What is expected:
From the line that contains "rewrite /df_code (min_pairs_eq" to the last line of the records below, copy everything exactly, both ends included.

Source data:
(* Let $\mathcal{C}$ be a flag code of type $(t_1,\ldots,t_r)$ on $\mathbb{F}_q^n$. Then $\mathcal{C}$ is an optimum distance flag code if and only if $\mathcal{C}$ is disjoint and, for every $i\in\{1,\ldots,r\}$, the projected code $\mathcal{C}_i$ satisfies $d_S(\mathcal{C}_i)=\min\{2t_i,2(n-t_i)\}$.
   Context: $q$ is a prime power, $n>1$. For subspaces $\mathcal{U},\mathcal{V}$ of $\mathbb{F}_q^n$, $d_S(\mathcal{U},\mathcal{V})=\dim(\mathcal{U}+\mathcal{V})-\dim(\mathcal{U}\cap\mathcal{V})$; for a set $\mathcal{D}$ of subspaces, $d_S(\mathcal{D})$ is the minimum of $d_S$ over pairs of distinct elements (and $0$ if $|\mathcal{D}|=1$). A flag of type $(t_1,\ldots,t_r)$, $0<t_1<\cdots<t_r<n$, is a tuple $(\mathcal{F}_1,\ldots,\mathcal{F}_r)$ of nested subspaces $\mathcal{F}_1\subsetneq\cdots\subsetneq\mathcal{F}_r$ of $\mathbb{F}_q^n$ with $\dim\mathcal{F}_i=t_i$. A flag code of that type is a set of at least two such flags; its distance $d_f(\mathcal{C})$ is the minimum over distinct $\mathcal{F},\mathcal{F}'\in\mathcal{C}$ of $\sum_{i=1}^r d_S(\mathcal{F}_i,\mathcal{F}'_i)$. It is an optimum distance flag code if $d_f(\mathcal{C})= 2\left(\sum_{t_i \leq \lfloor n/2\rfloor} t_i + \sum_{t_i > \lfloor n/2\rfloor} (n-t_i)\right)$. The $i$-projected code is $\mathcal{C}_i=\{\mathcal{F}_i : (\mathcal{F}_1,\ldots,\mathcal{F}_r)\in\mathcal{C}\}$. The code $\mathcal{C}$ is disjoint if $|\mathcal{C}_1|=\cdots=|\mathcal{C}_r|=|\mathcal{C}|$. *)

From HB Require Import structures.
From mathcomp Require Import all_boot all_order all_algebra.
Set Implicit Arguments. Unset Strict Implicit. Unset Printing Implicit Defensive.
Import GRing.Theory.
Local Open Scope ring_scope.

Definition subsp (F : finFieldType) (n : nat) := {vspace 'rV[F]_n}.

Definition dS (F : finFieldType) (n : nat) (U V : subsp F n) : nat :=
  (\dim (U + V)%VS - \dim (U :&: V)%VS)%N.

Definition seqmin (s : seq nat) : nat :=
  match s with [::] => 0%N | a :: s' => foldr minn a s' end.

(* minimum of f over ordered pairs of distinct elements of D (0 if none) *)
Definition min_pairs (T : eqType) (D : seq T) (f : T -> T -> nat) : nat :=
  seqmin [seq f x y | x <- D, y <- [seq y <- D | y != x]].

Definition dS_set (F : finFieldType) (n : nat) (D : seq (subsp F n)) : nat :=
  min_pairs D (@dS F n).

Definition flag (F : finFieldType) (n r : nat) := {ffun 'I_r -> subsp F n}.

Definition is_type (n r : nat) (t : 'I_r -> nat) : Prop :=
  (forall i : 'I_r, (0 < t i < n)%N) /\
  (forall i j : 'I_r, (i < j)%N -> (t i < t j)%N).

Definition is_flag_of_type (F : finFieldType) (n r : nat) (t : 'I_r -> nat)
  (f : flag F n r) : Prop :=
  (forall i : 'I_r, \dim (f i) = t i) /\
  (forall i j : 'I_r, (i < j)%N -> (f i <= f j)%VS /\ f i != f j).

Definition flag_code (F : finFieldType) (n r : nat) (t : 'I_r -> nat)
  (C : seq (flag F n r)) : Prop :=
  uniq C /\ (2 <= size C)%N /\ (forall f, f \in C -> is_flag_of_type t f).

Definition dflag (F : finFieldType) (n r : nat) (f g : flag F n r) : nat :=
  (\sum_(i < r) dS (f i) (g i))%N.

Definition df_code (F : finFieldType) (n r : nat) (C : seq (flag F n r)) : nat :=
  min_pairs C (@dflag F n r).

Definition optimum_distance (F : finFieldType) (n r : nat) (t : 'I_r -> nat)
  (C : seq (flag F n r)) : Prop :=
  df_code C = (2 * (\sum_(i < r | (t i <= n./2)%N) t i
                   + \sum_(i < r | (n./2 < t i)%N) (n - t i)))%N.

Definition proj_code (F : finFieldType) (n r : nat) (C : seq (flag F n r)) (i : 'I_r)
  : seq (subsp F n) := undup [seq (f : flag F n r) i | f <- C].

Definition disjoint_code (F : finFieldType) (n r : nat) (C : seq (flag F n r)) : Prop :=
  forall i : 'I_r, size (proj_code C i) = size C.

(** Every component distance satisfies [d_S(F_i, F'_i) <= min(2 t_i, 2 (n - t_i))], and
    the sum of these bounds is exactly the optimum value.  Hence the flag distance
    attains the optimum iff every pair of distinct flags attains every bound.  Since the
    bounds are positive, distinct flags then have distinct components (disjointness),
    and the projected codes attain their bounds as well; conversely disjointness lets
    the bound on [d_S(C_i)] be applied to the components of any two distinct flags. *)

From mathcomp Require Import all_boot all_order all_algebra.
From mathcomp Require Import zify.

Set Implicit Arguments. Unset Strict Implicit.

Lemma seqmin_le (s : seq nat) x : x \in s -> (seqmin s <= x)%N.
Proof.
case: s => [//|a s] /=; elim: s x => [|b s IH] x /=; first by rewrite inE => /eqP ->.
rewrite !inE geq_min => /or3P[/eqP->|/eqP->|xs]; first by rewrite IH ?inE ?eqxx ?orbT.
  by rewrite leqnn.
by rewrite IH ?inE ?xs ?orbT.
Qed.

Lemma seqmin_mem (s : seq nat) : s != [::] -> seqmin s \in s.
Proof.
case: s => [//|a s] _ /=; elim: s => [|b s IH] /=; first by rewrite inE.
rewrite /minn; case: ifP => _; first by rewrite !inE eqxx orbT.
by move: IH; rewrite !inE => /orP[->|->]; rewrite ?orbT.
Qed.

Section MinPairs.
Variables (T : eqType) (D : seq T) (f : T -> T -> nat).

Lemma mem_pairs x y : x \in D -> y \in D -> y != x ->
  f x y \in [seq f x y | x <- D, y <- [seq y <- D | y != x]].
Proof. by move=> xD yD yx; apply/allpairsPdep; exists x, y; rewrite mem_filter yx. Qed.

Lemma min_pairs_le x y : x \in D -> y \in D -> y != x -> (min_pairs D f <= f x y)%N.
Proof. by move=> xD yD yx; apply/seqmin_le/mem_pairs. Qed.

Lemma min_pairs_eq m x0 y0 : x0 \in D -> y0 \in D -> y0 != x0 ->
  {in D &, forall x y, y != x -> f x y <= m}%N ->
  min_pairs D f = m <-> {in D &, forall x y, y != x -> f x y = m}.
Proof.
move=> x0D y0D yx0 le_m; split=> [min_m x y xD yD yx | eq_m].
  by apply/eqP; rewrite eqn_leq le_m //= -min_m min_pairs_le.
have /seqmin_mem : [seq f x y | x <- D, y <- [seq y <- D | y != x]] != [::].
  by apply/eqP => nil_pairs; have := mem_pairs x0D y0D yx0; rewrite nil_pairs.
case/allpairsPdep => x [y [xD]]; rewrite mem_filter => /andP[yx yD] min_xy.
by rewrite /min_pairs min_xy eq_m.
Qed.

End MinPairs.

Lemma map_uniq_inj_in (T U : eqType) (h : T -> U) (s : seq T) :
  uniq (map h s) -> {in s &, injective h}.
Proof.
elim: s => [//|a s IH] /= /andP[ha us] x y; rewrite !inE.
case/orP=> [/eqP->|xs]; case/orP=> [/eqP->|ys] // hxy.
- by move: ha; rewrite hxy map_f.
- by move: ha; rewrite -hxy map_f.
- exact: IH.
Qed.

Lemma size_undup_map (T U : eqType) (h : T -> U) (s : seq T) : uniq s ->
  size (undup (map h s)) = size s <-> {in s &, injective h}.
Proof.
move=> us; split=> [eq_size | inj_h]; last by rewrite undup_id ?size_map ?map_inj_in_uniq.
apply: map_uniq_inj_in; apply/negPn.
by rewrite -ltn_size_undup eq_size size_map ltnn.
Qed.

(* Attaining the bound forces [h] to be injective on [D]: [d] vanishes on the diagonal
   while [m] is positive. *)
Lemma min_pairs_map (T U : eqType) (D : seq T) (h : T -> U) (d : U -> U -> nat) m x0 y0 :
  x0 \in D -> y0 \in D -> y0 != x0 -> (0 < m)%N -> (forall u, d u u = 0%N) ->
  {in D &, forall x y, d (h x) (h y) <= m}%N ->
  {in D &, forall x y, y != x -> d (h x) (h y) = m} <->
  {in D &, injective h} /\ min_pairs (undup (map h D)) d = m.
Proof.
move=> x0D y0D yx0 m_gt0 d_diag le_m.
have hD x : x \in D -> h x \in undup (map h D) by rewrite mem_undup; apply: map_f.
have le_m' : {in undup (map h D) &, forall u v, v != u -> d u v <= m}%N.
  by move=> _ _ /[!mem_undup] /mapP[x xD ->] /mapP[y yD ->] _; apply: le_m.
split=> [eq_m | [inj_h min_m] x y xD yD yx].
  have inj_h : {in D &, injective h}.
    move=> x y xD yD hxy; apply/eqP; rewrite eq_sym; apply: contraTT m_gt0 => yx.
    by rewrite -(eq_m x y) // hxy d_diag.
  have hyx0 : h y0 != h x0 by apply: contra yx0 => /eqP/inj_h ->.
  split=> //; apply/(min_pairs_eq (hD _ x0D) (hD _ y0D) hyx0 le_m').
  move=> _ _ /[!mem_undup] /mapP[x xD ->] /mapP[y yD ->] hyx.
  by apply: eq_m => //; apply: contra hyx => /eqP->.
have hyx : h y != h x by apply: contra yx => /eqP/inj_h ->.
by apply/eqP; rewrite eqn_leq le_m //= -min_m min_pairs_le ?hD.
Qed.

Lemma eq_sum_leqP (I : finType) (E1 E2 : I -> nat) : (forall i, E1 i <= E2 i)%N ->
  reflect (forall i, E1 i = E2 i) (\sum_i E1 i == \sum_i E2 i)%N.
Proof.
move=> le_E; rewrite (leqif_sum (fun i _ => leqif_eq (le_E i))).
apply: (iffP forallP) => eqE i; first exact/eqP/(eqE i).
by rewrite implyTb; apply/eqP.
Qed.

Section Subspaces.
Variables (F : finFieldType) (n : nat).

Lemma dS_le (U V : subsp F n) k : \dim U = k -> \dim V = k ->
  (dS U V <= minn (2 * k) (2 * (n - k)))%N.
Proof.
move=> dimU dimV; rewrite /dS.
have sum_cap := dimv_sum_cap U V.
have le_sum : (\dim (U + V)%VS <= n)%N.
  by have := dimvS (subvf (U + V)%VS); rewrite dimvf /dim /= mul1n.
have le_cap := dimvS (capvSl U V).
lia.
Qed.

Lemma dS_id (U : subsp F n) : dS U U = 0%N.
Proof. by rewrite /dS addvv capvv subnn. Qed.

End Subspaces.

(* For [t <= n], [t <= n./2] is exactly the case [2 t <= 2 (n - t)]. *)
Lemma optimum_value_sum (n r : nat) (t : 'I_r -> nat) : (forall i, t i <= n)%N ->
  (2 * (\sum_(i < r | (t i <= n./2)%N) t i + \sum_(i < r | (n./2 < t i)%N) (n - t i)))%N
  = (\sum_i minn (2 * t i) (2 * (n - t i)))%N.
Proof.
move=> le_tn; rewrite [RHS](bigID (fun i => t i <= n./2)%N) /= mulnDr !big_distrr /=.
have n_half := odd_double_half n; have odd_le1 := leq_b1 (odd n).
rewrite -muln2 in n_half.
congr (_ + _); first by apply: eq_bigr => i le_half; have := le_tn i; lia.
apply: eq_big => [i | i gt_half]; first by rewrite ltnNge.
by have := le_tn i; lia.
Qed.

Lemma two_distinct (T : eqType) (s : seq T) : uniq s -> (2 <= size s)%N ->
  exists x y, [/\ x \in s, y \in s & y != x].
Proof.
case: s => [|x [|y s]] //= /andP[]; rewrite inE negb_or => /andP[xy _] _ _.
by exists x, y; split; rewrite ?inE ?eqxx ?orbT // eq_sym.
Qed.

Theorem theorem3p11 (F : finFieldType) (n r : nat) (t : 'I_r -> nat)
  (C : seq (flag F n r)) :
  (1 < n)%N -> is_type n t -> flag_code t C ->
  (optimum_distance t C <->
   disjoint_code C /\
   (forall i : 'I_r, dS_set (proj_code C i) = minn (2 * t i) (2 * (n - t i)))).
Proof.
move=> _ [t_range _] [uniqC [sizeC flagsC]].
pose m i := minn (2 * t i) (2 * (n - t i)).
have m_gt0 i : (0 < m i)%N by have := t_range i; rewrite /m; lia.
have le_m i : {in C &, forall f g : flag F n r, dS (f i) (g i) <= m i}%N.
  by move=> f g /flagsC[dim_f _] /flagsC[dim_g _]; apply: dS_le.
have [a [b [aC bC ba]]] := two_distinct uniqC sizeC.
have proj_opt i := @min_pairs_map _ _ C (fun f => f i) _ _ _ _ aC bC ba (m_gt0 i)
  (@dS_id F n) (le_m i).
rewrite /optimum_distance optimum_value_sum => [|i]; last by have := t_range i; lia.
rewrite /df_code (min_pairs_eq aC bC ba) => [|f g fC gC _]; last first.
  by apply: leq_sum => i _; apply: le_m.
transitivity (forall i, {in C &, forall f g : flag F n r, g != f -> dS (f i) (g i) = m i}).
  split=> [opt i f g fC gC gf | opt f g fC gC gf].
    by move/eqP: (opt f g fC gC gf) => /eq_sum_leqP; apply => j; apply: le_m.
  by apply/eqP/eq_sum_leqP => [i | i]; [apply: le_m | apply: opt].
split=> [opt | [disj min_proj] i].
  split=> i; have [inj_i min_i] := (proj_opt i).1 (opt i); last exact: min_i.
  exact: (size_undup_map _ uniqC).2 inj_i.
by apply/(proj_opt i); split; [apply/(size_undup_map _ uniqC)/disj | apply: min_proj].
Qed.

Response below:
rewrite /df_code (min_pairs_eq aC bC ba) => [|f g fC gC _]; last first.
  by apply: leq_sum => i _; apply: le_m.
transitivity (forall i, {in C &, forall f g : flag F n r, g != f -> dS (f i) (g i) = m i}).
  split=> [opt i f g fC gC gf | opt f g fC gC gf].
    by move/eqP: (opt f g fC gC gf) => /eq_sum_leqP; apply => j; apply: le_m.
  by apply/eqP/eq_sum_leqP => [i | i]; [apply: le_m | apply: opt].
split=> [opt | [disj min_proj] i].
  split=> i; have [inj_i min_i] := (proj_opt i).1 (opt i); last exact: min_i.
  exact: (size_undup_map _ uniqC).2 inj_i.
by apply/(proj_opt i); split; [apply/(size_undup_map _ uniqC)/disj | apply: min_proj].
Qed.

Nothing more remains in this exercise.